Luzene Hill is a multimedia artist, best known for socially engaged conceptual installations, which incorporate performance/action. Her work reflects interdisciplinary scholarship in visual art, women’s studies, and Native American culture—topics that are integral to her background and personal journey. Through work informed by pre-contact culture of the Americas, Hill advocates for Indigenous sovereignty—linguistic, cultural, and personal sovereignty. These concepts form the basis of her installations, performances, drawings, and artist’s books. Her drawings address vulnerability and resilience viewed through both a personal and cultural lens. Recent work, employing indigenous goddess motifs, asserts female agency and challenges phallocentric hierarchies. An enrolled member of the Eastern Band of Cherokee Indians, Hill lives and works in Atlanta, Georgia. Her work has been exhibited throughout the United States, Canada, Russia, Japan, and the United Kingdom. Her awards include the 2019 Ucross Fellowship, the 2016 Native Arts and Cultures Foundation Fellowship in Visual Arts, the 2015 Eiteljorg Museum Fellowship, and the 2015 First Peoples Fund Fellowship. Hill’s work is featured in Susan C. Power’s book, Art of the Cherokee: Prehistory to the Present, in Josh MacPhee’s and Rebecca Solnit’s book, Celebrate People’s History: The Poster Book of Resistance and Revolution, and the PBS documentary, Native Art Now!.

Mercedes Dorame

Mercedes Dorame

Mercedes Dorame

Mercedes Dorame, born in Los Angeles, California, received her MFA from the San Francisco Art Institute and her undergraduate degree from UCLA. She calls on her Tongva ancestry to engage the problematics of visibility and ideas of cultural construction. Dorame’s work is in the permanent collections of the Hammer Museum, San Francisco Museum of Modern Art, The Triton Museum, The Allen Memorial Art Museum, The de Saisset Museum, The Montblanc Foundation Collection, and The Phoebe A. Hearst Museum.
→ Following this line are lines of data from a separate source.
(* Let $t\mapsto\zeta(t)=(\xi(t),\eta(t))$, $t\in I$, be a solution of the unperturbed system $(\mathrm P_0)$ such that $\epsilon(t)\neq0$, $n^j(t)\neq0$ and $V^j(t)\neq0$ for all $j\in\{1,\dots,S\}$ and all $t\in I$. Then the Jacobian $D_\eta g_0(\zeta(t))$ is singular for every $t\in I$.
   Context: Fix integers $S\ge 2$, $C\ge 2$ and an interval $I\subset\mathbb R$. Given are continuously differentiable real functions $f_{\mathrm{vle},i}(P,T,\mathbf x)$ ($i=1,\dots,C$), $f_{\mathrm{hl}}(T,\mathbf x)$, $f_{\mathrm{hv}}(T,\mathbf y)$, $f_{\mathrm{holdup}}(L)$. Controls are continuously differentiable real functions $\epsilon,P,Q,T^{\mathrm{cond}}$ on $I$. State variables: $n^j,H^j,T^j,V^j$, $\mathbf x^j,\mathbf y^j\in\mathbb R^C$ ($j=1,\dots,S$), $L^j$ ($j=1,\dots,S-1$); a solution is a tuple of continuously differentiable state functions satisfying all equations at every $t\in I$. ''$2\le j\le S-1$'' marks middle-stage equations. The system $(\mathrm P_0)$ consists of: (TM) $\dot n^1=L^1-V^1$; $\dot n^j=L^j-V^j-L^{j-1}+V^{j-1}$ ($2\le j\le S-1$); $\dot n^S=-\epsilon V^S-L^{S-1}+V^{S-1}$; (CM$_0$) for $i=1,\dots,C-1$: $\dot x_i^1=\big(L^1(x_i^2-x_i^1)-V^1(y_i^1-x_i^1)\big)/n^1$; $\dot x_i^j=\big(L^j(x_i^{j+1}-x_i^j)-V^j(y_i^j-x_i^j)+V^{j-1}(y_i^{j-1}-x_i^j)\big)/n^j$ ($2\le j\le S-1$); $\dot x_i^S=\big(\epsilon V^S(x_i^S-y_i^S)+V^{S-1}(y_i^{S-1}-x_i^S)\big)/n^S$; (EB) $\dot H^1=L^1f_{\mathrm{hl}}(T^2,\mathbf x^2)-V^1f_{\mathrm{hv}}(T^1,\mathbf y^1)+Q$; $\dot H^j=L^jf_{\mathrm{hl}}(T^{j+1},\mathbf x^{j+1})-V^jf_{\mathrm{hv}}(T^j,\mathbf y^j)-L^{j-1}f_{\mathrm{hl}}(T^j,\mathbf x^j)+V^{j-1}f_{\mathrm{hv}}(T^{j-1},\mathbf y^{j-1})$ ($2\le j\le S-1$); $\dot H^S=(1-\epsilon)V^Sf_{\mathrm{hl}}(T^{\mathrm{cond}},\mathbf y^S)-V^Sf_{\mathrm{hv}}(T^S,\mathbf y^S)-L^{S-1}f_{\mathrm{hl}}(T^S,\mathbf x^S)+V^{S-1}f_{\mathrm{hv}}(T^{S-1},\mathbf y^{S-1})$; and the algebraic equations $g_0=0$, where, with $\delta_i^j:=0$: $\mathrm{aux}^1_\delta=\sum_{i=1}^C\big(L^1(x_i^2-x_i^1-\delta_i^1)-V^1(y_i^1-x_i^1-\delta_i^1)\big)/n^1$; for $2\le j\le S-1$, $\mathrm{aux}^j_\delta=\sum_{i=1}^C\big(L^j(x_i^{j+1}-x_i^j-\delta_i^j)-V^j(y_i^j-x_i^j-\delta_i^j)+V^{j-1}(y_i^{j-1}-x_i^j-\delta_i^j)\big)/n^j$; $\mathrm{aux}^S_\delta=\sum_{i=1}^C\big(\epsilon V^S(x_i^S+\delta_i^S-y_i^S)+V^{S-1}(y_i^{S-1}-x_i^S-\delta_i^S)\big)/n^S$; $\mathrm{ydef}_i^j=y_i^j-f_{\mathrm{vle},i}(P,T^j,\mathbf x^j)$; $\mathrm{edef}^j=H^j-n^jf_{\mathrm{hl}}(T^j,\mathbf x^j)$; $\mathrm{xsum}^j=x_C^j-1+\sum_{i=1}^{C-1}x_i^j$; $\mathrm{hold}^j=n^j-f_{\mathrm{holdup}}(L^{j-1})$ ($j=2,\dots,S$); collected as $g_\delta=(\mathrm{aux}^S_\delta,\dots,\mathrm{aux}^1_\delta,\mathbf{ydef}^1,\dots,\mathbf{ydef}^S,\mathrm{edef}^1,\dots,\mathrm{edef}^S,\mathrm{xsum}^1,\dots,\mathrm{xsum}^S,\mathrm{hold}^2,\dots,\mathrm{hold}^S)$ with $\mathbf{ydef}^j=(\mathrm{ydef}^j_1,\dots,\mathrm{ydef}^j_C)$. Differential variables $\xi=(n^1,\dots,n^S,\hat{\mathbf x}^1,\dots,\hat{\mathbf x}^S,H^1,\dots,H^S)$, $\hat{\mathbf x}^j=(x_1^j,\dots,x_{C-1}^j)$; algebraic variables $\eta=(V^S,\dots,V^1,\mathbf y^1,\dots,\mathbf y^S,T^1,\dots,T^S,x_C^1,\dots,x_C^S,L^1,\dots,L^{S-1})$. $D_\eta g_0$ is the Jacobian of $g_0$ with respect to $\eta$ (with $\xi$ and the controls held fixed). *)

From HB Require Import structures.
From mathcomp Require Import all_boot all_order all_algebra.
From mathcomp Require Import all_classical all_reals all_analysis.
Set Implicit Arguments. Unset Strict Implicit. Unset Printing Implicit Defensive.
Import Order.TTheory GRing.Theory Num.Theory.
Import numFieldNormedType.Exports.
Local Open Scope classical_set_scope.
Local Open Scope ring_scope.

Section Column.
Variable R : realType.

Definition deriv_on (I : set R) (f f' : R -> R) : Prop :=
  forall t, I t ->
    (fun s => (f s - f t) / (s - t)) @ within (I `\ t) (nbhs t) --> f' t.

Definition C1_on (I : set R) (f : R -> R) : Prop :=
  exists f', deriv_on I f f' /\ {within I, continuous f'}.

(* continuously differentiable on a whole normed space U:
   differentiable everywhere and the derivative depends continuously on the
   point (tested on each direction; equivalent in finite dimension). *)
Definition C1 (U : normedModType R) (F : U -> R) : Prop :=
  (forall p, differentiable F p) /\ (forall v, continuous (fun p => 'd F p v)).

(* Stages are numbered j = 1..S, components i = 1..C (as in the paper). *)

Definition Neta (S C : nat) : nat := (S + S * C + S + S + (S - 1))%N.

Definition at_ {n : nat} (v : 'rV[R]_n) (k : nat) : R :=
  if (insub k : option 'I_n) is Some i then v ord0 i else 0.

(* eta = (V^S,...,V^1, y^1,...,y^S, T^1,...,T^S, x_C^1,...,x_C^S, L^1,...,L^{S-1}) *)
Definition aV  (S C : nat) (e : 'rV[R]_(Neta S C)) (j : nat) : R := at_ e (S - j).
Definition ay  (S C : nat) (e : 'rV[R]_(Neta S C)) (j i : nat) : R :=
  at_ e (S + (j - 1) * C + (i - 1)).
Definition aT  (S C : nat) (e : 'rV[R]_(Neta S C)) (j : nat) : R :=
  at_ e (S + S * C + (j - 1)).
Definition axC (S C : nat) (e : 'rV[R]_(Neta S C)) (j : nat) : R :=
  at_ e (S + S * C + S + (j - 1)).
Definition aL  (S C : nat) (e : 'rV[R]_(Neta S C)) (j : nat) : R :=
  at_ e (S + S * C + S + S + (j - 1)).

(* full composition x^j_i, i = 1..C: x_i^j (differential) for i < C, x_C^j from eta *)
Definition xfull (S C : nat) (xh : nat -> nat -> R) (e : 'rV[R]_(Neta S C))
  (j i : nat) : R := if (i < C)%N then xh j i else axC e j.

Definition xvec (S C : nat) (xh : nat -> nat -> R) (e : 'rV[R]_(Neta S C))
  (j : nat) : 'rV[R]_C := \row_(i < C) xfull xh e j i.+1.

Definition yvec (S C : nat) (e : 'rV[R]_(Neta S C)) (j : nat) : 'rV[R]_C :=
  \row_(i < C) ay e j i.+1.

Definition aux0 (S C : nat) (eps : R) (n : nat -> R) (xh : nat -> nat -> R)
  (e : 'rV[R]_(Neta S C)) (j : nat) : R :=
  let x := xfull xh e in
  let y := ay e in
  let V := aV e in
  let L := aL e in
  if j == 1%N then
    (\sum_(1 <= i < C.+1) (L 1%N * (x 2%N i - x 1%N i) - V 1%N * (y 1%N i - x 1%N i)))
      / n 1%N
  else if j == S then
    (\sum_(1 <= i < C.+1) (eps * V S * (x S i - y S i)
                            + V (S - 1)%N * (y (S - 1)%N i - x S i))) / n S
  else
    (\sum_(1 <= i < C.+1) (L j * (x j.+1 i - x j i) - V j * (y j i - x j i)
                            + V (j - 1)%N * (y (j - 1)%N i - x j i))) / n j.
She is the recipient of grants and fellowships from: Creative Capital, the Montblanc Art Commission, the New York Foundation for the Arts, Loop Artist Residency, the James Phelan Award for California born visual artists, En Foco’s New Works Photography Fellowship Awards program, Galería de la Raza, for her solo exhibition there, the Harpo Foundation for a residency at the Vermont Studio Center, and from the Photography Department at the San Francisco Art Institute for her MFA Studies. She is currently visiting faculty at CalArts, and was recently honored by UCLA as part of the centennial initiative UCLA: Our Stories, Our Impact, and was part of the Hammer Museum’s 2018 Made in L.A. exhibition. She has shown her work internationally. Her writing has been featured in News From Native California, and 580 Split, and her artwork has been highlighted by PBS NewsHour, Artforum, KCET’s Artbound, the New York Times, Art in America, Hyperallergic, KQED, Artsy, ARTnews, the Los Angeles Times, the San Francisco Chronicle, among others.